• Records:
(* Both inequalities are read off a split of X and Y at two anchors s, t, with the
   reversed prefixes and the suffixes compared separately.
   Upper bound: with doubled budgets a change costs 2 and a $ refunds 1. Where the
   original letters differ inside the common prefix of two modified strings, either
   some side changed its letter or both carry the same $, so the two sides pay at
   least 2 there; as the doubled budgets sum to 2k, the window made of the two common
   prefixes around the anchors has at most k mismatches.
   Lower bound: an optimal window has length at least l, so the cover supplies anchors
   at the same offset of the window in X and in Y; splitting its mismatches as d1 left
   and k - d1 right of the anchors, k-completeness yields modified strings whose common
   prefixes cover the window, with the budgets 2 d_i shared according to the $'s. *)

Lemma bigmax_ord_spec n (P : pred nat) : P 0 ->
  let m := \max_(p < n.+1 | P p) p in
  [/\ P m, m <= n & forall p, p <= n -> P p -> p <= m].
Proof.
move=> P0 /=; split.
- rewrite (bigmax_eq_arg (ord0 : 'I_n.+1)) //.
  by case: arg_maxnP.
- by apply/bigmax_leqP => p _; rewrite -ltnS.
- by move=> p pn Pp; apply: (leq_bigmax_cond (Ordinal (pn : p < n.+1))).
Qed.

Section EqSeq.
Variable A : eqType.
Implicit Types s t : seq A.

Lemma hamming_cons (x y : A) s t : hamming (x :: s) (y :: t) = (x != y) + hamming s t.
Proof. by []. Qed.

Lemma hamming_refl s : hamming s s = 0.
Proof. by elim: s => // x s; rewrite hamming_cons eqxx. Qed.

Lemma hamming_cat s1 s2 t1 t2 : size s1 = size t1 ->
  hamming (s1 ++ s2) (t1 ++ t2) = hamming s1 t1 + hamming s2 t2.
Proof. by move=> eq_sz; rewrite /hamming zip_cat // count_cat. Qed.

Lemma hamming_rev s t : size s = size t -> hamming (rev s) (rev t) = hamming s t.
Proof. by move=> eq_sz; rewrite /hamming -rev_zip // count_rev. Qed.

Lemma lcp_spec s t : [/\ take (lcp s t) s = take (lcp s t) t,
  lcp s t <= minn (size s) (size t) &
  forall p, p <= minn (size s) (size t) -> take p s = take p t -> p <= lcp s t].
Proof.
have [|/eqP tk le max] := bigmax_ord_spec (minn (size s) (size t))
  (P := fun p => take p s == take p t); first by rewrite !take0.
by split=> // p pst tk'; apply: max => //; apply/eqP.
Qed.

End EqSeq.

Section Strings.
Variable T : eqType.
Implicit Types U V X Y : seq T.

Lemma ndollar_cons (c : option T) (W : seq (option T)) :
  ndollar (c :: W) = (c == None) + ndollar W.
Proof. by []. Qed.

Lemma ndollar_le_hamming U (U' : seq (option T)) :
  size U' = size U -> ndollar U' <= hamming (map Some U) U'.
Proof.
elim: U U' => [|u U IH] [|c U'] // [/IH le_nd].
have : (c == None) <= (Some u != c) by case: c.
by rewrite ndollar_cons -[map Some _]/(Some u :: map Some U) hamming_cons; lia.
Qed.

Lemma lcpd_spec d U V : [/\ hamming (take (lcpd d U V) U) (take (lcpd d U V) V) <= d,
  lcpd d U V <= minn (size U) (size V) &
  forall p, p <= minn (size U) (size V) ->
    hamming (take p U) (take p V) <= d -> p <= lcpd d U V].
Proof.
apply: bigmax_ord_spec (minn (size U) (size V))
  (fun p => hamming (take p U) (take p V) <= d) _.
by rewrite !take0.
Qed.

Lemma LCF_spec k X Y :
  (exists i j, [/\ i + LCF k X Y <= size X, j + LCF k X Y <= size Y &
     hamming (take (LCF k X Y) (drop i X)) (take (LCF k X Y) (drop j Y)) <= k]) /\
  (forall len i j, i + len <= size X -> j + len <= size Y ->
     hamming (take len (drop i X)) (take len (drop j Y)) <= k -> len <= LCF k X Y).
Proof.
have [|/existsP[i /existsP[j /and3P[iX jY ham]]] _ max] := bigmax_ord_spec
  (minn (size X) (size Y))
  (P := fun len => [exists i : 'I_(size X).+1, exists j : 'I_(size Y).+1,
           [&& i + len <= size X, j + len <= size Y &
               hamming (take len (drop i X)) (take len (drop j Y)) <= k]]).
  by apply/existsP; exists ord0; apply/existsP; exists ord0; rewrite /= !take0.
split=> [|len i' j' iX' jY' ham']; first by exists i, j.
apply: max; first lia.
have lt_i : i' < (size X).+1 by lia.
have lt_j : j' < (size Y).+1 by lia.
by apply/existsP; exists (Ordinal lt_i); apply/existsP; exists (Ordinal lt_j); rewrite /= iX' jY'.
Qed.

Lemma hamming_window X Y s t a b : a <= s <= size X -> a <= t <= size Y ->
  hamming (take (a + b) (drop (s - a) X)) (take (a + b) (drop (t - a) Y)) =
  hamming (take a (rev (take s X))) (take a (rev (take t Y))) +
  hamming (take b (drop s X)) (take b (drop t Y)).
Proof.
move=> /andP[a_s sX] /andP[a_t tY].
rewrite !takeD !drop_drop (subnKC a_s) (subnKC a_t) hamming_cat; last first.
  by rewrite !size_take !size_drop; do 2 case: ifP; lia.
rewrite !take_rev !size_takel // -hamming_rev; last first.
  by rewrite !size_take !size_drop; do 2 case: ifP; lia.
by rewrite !take_drop !(subnKC a_s) !(subnKC a_t).
Qed.

Lemma LCF_ge_split k X Y s t a b : s <= size X -> t <= size Y ->
  a <= minn s t -> b <= minn (size X - s) (size Y - t) ->
  hamming (take a (rev (take s X))) (take a (rev (take t Y))) +
  hamming (take b (drop s X)) (take b (drop t Y)) <= k ->
  a + b <= LCF k X Y.
Proof.
move=> sX tY a_st b_st ham_le; have [_ LCF_max] := LCF_spec k X Y.
apply: (LCF_max _ (s - a) (t - a)); try lia.
by rewrite hamming_window //; apply/andP; split; lia.
Qed.

Lemma cost_letter (u v : T) (c : option T) :
  (u != v).*2 + (c == None) + (c == None) <= ((Some u != c) + (Some v != c)).*2.
Proof.
have nd_le (x : T) : (c == None) <= (Some x != c) by case: c.
have tri : (u != v) <= (Some u != c) + (Some v != c).
  case: (eqVneq (Some u) c) => [<- | _]; last by case: (u != v).
  by case: (eqVneq (Some v) (Some u)) => [[->]|]; [rewrite eqxx | case: (u != v)].
by have := nd_le u; have := nd_le v; lia.
Qed.

Lemma prefix_cost p U V (U' V' : seq (option T)) :
  size U' = size U -> size V' = size V -> p <= size U -> p <= size V ->
  take p U' = take p V' ->
  (hamming (take p U) (take p V)).*2 + ndollar U' + ndollar V' <=
  (hamming (map Some U) U' + hamming (map Some V) V').*2.
Proof.
elim: p U V U' V' => [|p IH] U V U' V' sU sV.
  rewrite !take0 hamming_refl => _ _ _.
  by have := ndollar_le_hamming sU; have := ndollar_le_hamming sV; lia.
case: U U' V V' sU sV => [|u U] [|u' U'] // [|v V] [|v' V'] // [sU] [sV] pU pV [<- tk].
have := IH _ _ _ _ sU sV pU pV tk; have := cost_letter u v u'.
by rewrite !ndollar_cons !map_cons !take_cons !hamming_cons; lia.
Qed.

Lemma dpair_letter (u v : T) (u' v' : option T) :
  (if Some u == Some v then u' = Some u /\ v' = Some v
   else u' = v' /\ u' \in [:: Some u; Some v; None]) ->
  [/\ u' = v', (Some u != u') <= (u != v), (Some v != v') <= (u != v) &
      ((Some u != u') + (Some v != v')).*2 <= (u != v).*2 + (u' == None) + (v' == None)].
Proof.
case: (eqVneq (Some u) (Some v)) => [[<-] [-> ->] | uv [<-]]; first by rewrite !eqxx.
have {}uv : u != v := uv.
by rewrite uv !inE => /or3P[] /eqP->; rewrite ?eqxx //=; split=> //; case: (_ != _).
Qed.

Lemma dpair_prefix_cost m U V (U' V' : seq (option T)) :
  size U' = size U -> size V' = size V -> m <= size U -> m <= size V ->
  (forall i : nat,
    let u := nth None (map Some U) i in
    let v := nth None (map Some V) i in
    let u' := nth None U' i in
    let v' := nth None V' i in
    if (m <= i) || (u == v) then u' = u /\ v' = v
    else u' = v' /\ u' \in [:: u; v; None]) ->
  let H := hamming (take m U) (take m V) in
  [/\ take m U' = take m V', hamming (map Some U) U' <= H,
      hamming (map Some V) V' <= H &
      (hamming (map Some U) U' + hamming (map Some V) V').*2 <=
        H.*2 + ndollar U' + ndollar V'].
Proof.
elim: m U V U' V' => [|m IH] U V U' V' sU sV mU mV agree.
  have eU : U' = map Some U.
    by apply: (@eq_from_nth _ None); rewrite ?size_map // => i _; have [] := agree i.
  have eV : V' = map Some V.
    by apply: (@eq_from_nth _ None); rewrite ?size_map // => i _; have [] := agree i.
  by rewrite /= eU eV !take0 !hamming_refl; split.
case: U U' V V' sU sV mU mV agree => [|u U] [|u' U'] // [|v V] [|v' V'] //.
move=> [sU] [sV] mU mV agree.
have [tk hamU hamV cost] := IH _ _ _ _ sU sV mU mV (fun i => agree i.+1).
have [<- lu lv lc] := dpair_letter (u := u) (v := v) (u' := u') (v' := v') (agree 0).
rewrite !take_cons tk !map_cons !ndollar_cons !hamming_cons.
by split=> //; lia.
Qed.

End Strings.

Section PairsLCP.
Variables (T : eqType) (S : nat -> Prop) (N : seq T -> seq (option T) -> Prop).
Implicit Types X Y W U V : seq T.

Lemma Pairs_split W p : Pairs S W p -> exists2 s, s < size W & p = (rev (take s W), drop s W).
Proof. by case=> i [_ /andP[i_gt0 iW] ->]; exists i.-1 => //; lia. Qed.

Lemma Pairs_at W s : S s.+1 -> s < size W -> Pairs S W (rev (take s W), drop s W).
Proof. by move=> Ss sW; exists s.+1; split. Qed.

Lemma Ndd_lcp d d' h h' U V P Q : Ndd N d h U P -> Ndd N d' h' V Q ->
  lcp P Q <= minn (size U) (size V) /\
  (hamming (take (lcp P Q) U) (take (lcp P Q) V)).*2 <= h + h'.
Proof.
case=> _ sP _ costP [_ sQ _ costQ]; have [tk le _] := lcp_spec P Q.
rewrite sP sQ in le; split=> //.
have := prefix_cost sP sQ (leq_trans le (geq_minl _ _)) (leq_trans le (geq_minr _ _)) tk.
lia.
Qed.

Lemma pairLCPval_le_LCF k X Y k1 k2 m : k1 + k2 = k.*2 ->
  pairLCPvals (PairsKK S N k k1 X) (PairsKK S N k k2 Y) m -> m <= LCF k X Y.
Proof.
move=> sum_k [[P1 P2] [[Q1 Q2] [PX PY ->]]] /=.
case: PX => U1 [U2 [d1 [d2 [h1 [h2 [/Pairs_split[s sX [-> ->]] _ sum_h _ [NP1 NP2]]]]]]].
case: PY => V1 [V2 [e1 [e2 [g1 [g2 [/Pairs_split[t tY [-> ->]] _ sum_g _ [NQ1 NQ2]]]]]]].
have [le1 cost1] := Ndd_lcp NP1 NQ1; have [le2 cost2] := Ndd_lcp NP2 NQ2.
move: le1 le2; rewrite !size_rev !size_takel ?(ltnW sX) ?(ltnW tY) // !size_drop => le1 le2.
by apply: LCF_ge_split (ltnW sX) (ltnW tY) le1 le2 _; lia.
Qed.

Lemma complete_Ndd_pair k (Fam : seq T -> Prop) d U V :
  k_complete k Fam N -> Fam U -> Fam V -> d <= k ->
  exists (U' V' : seq (option T)) hU hV,
    [/\ hU + hV = d.*2, Ndd N d hU U U', Ndd N d hV V V' & lcpd d U V <= lcp U' V'].
Proof.
move=> complete FU FV dk.
have [U' [V' [[sU [sV agree]] [NU NV]]]] := complete U V FU FV d dk.
have [ham_d m_le _] := lcpd_spec d U V.
have [tk hamU hamV cost] := dpair_prefix_cost sU sV
  (leq_trans m_le (geq_minl _ _)) (leq_trans m_le (geq_minr _ _)) agree.
have ndU := ndollar_le_hamming sU; have ndV := ndollar_le_hamming sV.
(* U' gets the half-integer budget ham(U,U') - #$(U')/2; the cost bound of the
   d-pair shows that the remaining d minus that budget covers V'. *)
pose hU := (hamming (map Some U) U').*2 - ndollar U'.
exists U', V', hU, (d.*2 - hU).
split; [lia | by split=> //; lia | by split=> //; lia |].
by have [_ _ lcp_max] := lcp_spec U' V'; apply: lcp_max; rewrite // sU sV.
Qed.

Lemma LCF_anchored k l (h : nat -> nat -> nat) X Y : is_cover l S h -> l <= LCF k X Y ->
  exists s t a b, [/\ S s.+1 /\ s < size X, S t.+1 /\ t < size Y, a <= minn s t,
    b <= minn (size X - s) (size Y - t) &
    a + b = LCF k X Y /\
    hamming (take a (rev (take s X))) (take a (rev (take t Y))) +
    hamming (take b (drop s X)) (take b (drop t Y)) <= k].
Proof.
move=> [_ cover] lL; have [[i [j [iX jY ham]]] _] := LCF_spec k X Y.
have [a_l [Si Sj]] := cover i.+1 j.+1 isT isT.
set a := h i.+1 j.+1 in a_l Si Sj.
exists (i + a), (j + a), a, (LCF k X Y - a).
have a_LCF : a < LCF k X Y by lia.
have ia_X : i + a < size X by lia.
have ja_Y : j + a < size Y by lia.
rewrite !addSn in Si Sj.
split; [by [] | by [] | lia | lia |].
split; first lia.
rewrite -hamming_window; try (apply/andP; split; lia).
by rewrite !addnK subnKC // ltnW.
Qed.

Definition Pairs_components X Y (F : seq T) : Prop :=
  exists p, (Pairs S X p \/ Pairs S Y p) /\ (F = p.1 \/ F = p.2).
(* Let $\alpha>0$, $t_0>0$, and define the set-valued map $G:[t_0,+\infty)\times\mathcal H\times\mathcal H\rightrightarrows\mathcal H\times\mathcal H$ by $$G(t,u,v)=\{v\}\times\Big(-\tfrac{\alpha}{t}v-\arg\min_{g\in C(u)}\langle g,-v\rangle\Big).$$ Then: (i) for all $(t,u,v)$, the set $G(t,u,v)$ is convex and compact; (ii) $G$ is upper semicontinuous; (iii) if $\dim\mathcal H<+\infty$, the map $\phi:[t_0,+\infty)\times\mathcal H\times\mathcal H\to\mathcal H\times\mathcal H$, $(t,u,v)\mapsto\operatorname{proj}_{G(t,u,v)}(0)$, is locally compact; (iv) if the gradients $\nabla f_i$ are globally $L$-Lipschitz continuous, then there exists $c>0$ such that for all $(t,u,v)\in[t_0,+\infty)\times\mathcal H\times\mathcal H$, $$\sup_{\xi\in G(t,u,v)}\|\xi\|_{\mathcal H\times\mathcal H}\le c\big(1+\|(u,v)\|_{\mathcal H\times\mathcal H}\big),$$ where $\|(x,y)\|_{\mathcal H\times\mathcal H}=\sqrt{\|x\|^2+\|y\|^2}$.
   Context: $\mathcal H$ is a real Hilbert space. $f_1,\dots,f_m:\mathcal H\to\mathbb R$ are convex and continuously differentiable. $C(u)=\operatorname{co}\{\nabla f_i(u):i=1,\dots,m\}$. For a closed convex $K$, $\operatorname{proj}_K(y)=\arg\min_{w\in K}\|w-y\|^2$. A set-valued map $G:\mathcal X\rightrightarrows\mathcal Y$ is upper semicontinuous at $x_0$ if for every open $N\supset G(x_0)$ there is a neighborhood $M$ of $x_0$ with $G(M)\subset N$; it is upper semicontinuous if this holds at every point. A single-valued map $\phi:\mathcal X\to\mathcal Y$ is locally compact if every point has a neighborhood that is mapped into a compact subset of $\mathcal Y$. *)

From HB Require Import structures.
From mathcomp Require Import all_boot all_order all_algebra.
From mathcomp Require Import all_classical all_reals all_analysis.
Set Implicit Arguments.
Unset Strict Implicit.
Unset Printing Implicit Defensive.
Import Order.TTheory GRing.Theory Num.Theory.
Import numFieldNormedType.Exports.
Local Open Scope classical_set_scope.
Local Open Scope ring_scope.

(* A real Hilbert space: a complete normed space over R (H : completeNormedModType R)
   whose norm comes from an inner product. *)
Record inner_product (R : realType) (H : normedModType R) := InnerProduct {
  ip :> H -> H -> R;
  ip_sym : forall x y, ip x y = ip y x;
  ip_linl : forall (a : R) x y z, ip (a *: x + y) z = a * ip x z + ip y z;
  ip_normE : forall x, ip x x = `|x| ^+ 2
}.

Definition conv_hull (R : realType) (V : lmodType R) (m : nat) (p : 'I_m -> V)
  : set V :=
  [set x | exists l : 'I_m -> R, (forall i, 0 <= l i) /\ \sum_(i < m) l i = 1 /\
           x = \sum_(i < m) l i *: p i].

Definition Cset (R : realType) (H : normedModType R) (m : nat)
  (grad : 'I_m -> H -> H) (u : H) : set H :=
  conv_hull (fun i => grad i u).

Definition argmin_ip (R : realType) (H : normedModType R) (ipH : inner_product H)
  (K : set H) (w : H) : set H :=
  [set g | K g /\ forall g', K g' -> ipH g w <= ipH g' w].

Definition Gmap (R : realType) (H : normedModType R) (ipH : inner_product H)
  (m : nat) (grad : 'I_m -> H -> H) (alpha : R) (p : R * H * H) : set (H * H) :=
  let t := p.1.1 in let u := p.1.2 in let v := p.2 in
  [set xi | xi.1 = v /\
     exists g, argmin_ip ipH (Cset grad u) (- v) g /\
               xi.2 = - ((alpha / t) *: v) - g].

Definition pnorm (R : realType) (H : normedModType R) (x : H * H) : R :=
  Num.sqrt (`|x.1| ^+ 2 + `|x.2| ^+ 2).

(* proj_K(y) = arg min_{w in K} ||w - y||^2 in H x H (Hilbert norm); the
   minimizer is unique for K nonempty closed convex; we pick it with xget
   (default (0,0), irrelevant when the minimizer exists). *)
Definition hproj (R : realType) (H : normedModType R) (K : set (H * H)) (y : H * H)
  : H * H :=
  xget (0, 0) [set w | K w /\ forall w', K w' ->
          pnorm (w - y) ^+ 2 <= pnorm (w' - y) ^+ 2].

• Directions for this task: Above this instruction are the records; retype exactly the lines from the one containing "rewrite !takeD !drop_drop" up to and including the one containing "[/\ u' = v', (Some".

• Response below:
rewrite !takeD !drop_drop (subnKC a_s) (subnKC a_t) hamming_cat; last first.
  by rewrite !size_take !size_drop; do 2 case: ifP; lia.
rewrite !take_rev !size_takel // -hamming_rev; last first.
  by rewrite !size_take !size_drop; do 2 case: ifP; lia.
by rewrite !take_drop !(subnKC a_s) !(subnKC a_t).
Qed.

Lemma LCF_ge_split k X Y s t a b : s <= size X -> t <= size Y ->
  a <= minn s t -> b <= minn (size X - s) (size Y - t) ->
  hamming (take a (rev (take s X))) (take a (rev (take t Y))) +
  hamming (take b (drop s X)) (take b (drop t Y)) <= k ->
  a + b <= LCF k X Y.
Proof.
move=> sX tY a_st b_st ham_le; have [_ LCF_max] := LCF_spec k X Y.
apply: (LCF_max _ (s - a) (t - a)); try lia.
by rewrite hamming_window //; apply/andP; split; lia.
Qed.

Lemma cost_letter (u v : T) (c : option T) :
  (u != v).*2 + (c == None) + (c == None) <= ((Some u != c) + (Some v != c)).*2.
Proof.
have nd_le (x : T) : (c == None) <= (Some x != c) by case: c.
have tri : (u != v) <= (Some u != c) + (Some v != c).
  case: (eqVneq (Some u) c) => [<- | _]; last by case: (u != v).
  by case: (eqVneq (Some v) (Some u)) => [[->]|]; [rewrite eqxx | case: (u != v)].
by have := nd_le u; have := nd_le v; lia.
Qed.

Lemma prefix_cost p U V (U' V' : seq (option T)) :
  size U' = size U -> size V' = size V -> p <= size U -> p <= size V ->
  take p U' = take p V' ->
  (hamming (take p U) (take p V)).*2 + ndollar U' + ndollar V' <=
  (hamming (map Some U) U' + hamming (map Some V) V').*2.
Proof.
elim: p U V U' V' => [|p IH] U V U' V' sU sV.
  rewrite !take0 hamming_refl => _ _ _.
  by have := ndollar_le_hamming sU; have := ndollar_le_hamming sV; lia.
case: U U' V V' sU sV => [|u U] [|u' U'] // [|v V] [|v' V'] // [sU] [sV] pU pV [<- tk].
have := IH _ _ _ _ sU sV pU pV tk; have := cost_letter u v u'.
by rewrite !ndollar_cons !map_cons !take_cons !hamming_cons; lia.
Qed.

Lemma dpair_letter (u v : T) (u' v' : option T) :
  (if Some u == Some v then u' = Some u /\ v' = Some v
   else u' = v' /\ u' \in [:: Some u; Some v; None]) ->
  [/\ u' = v', (Some u != u') <= (u != v), (Some v != v') <= (u != v) &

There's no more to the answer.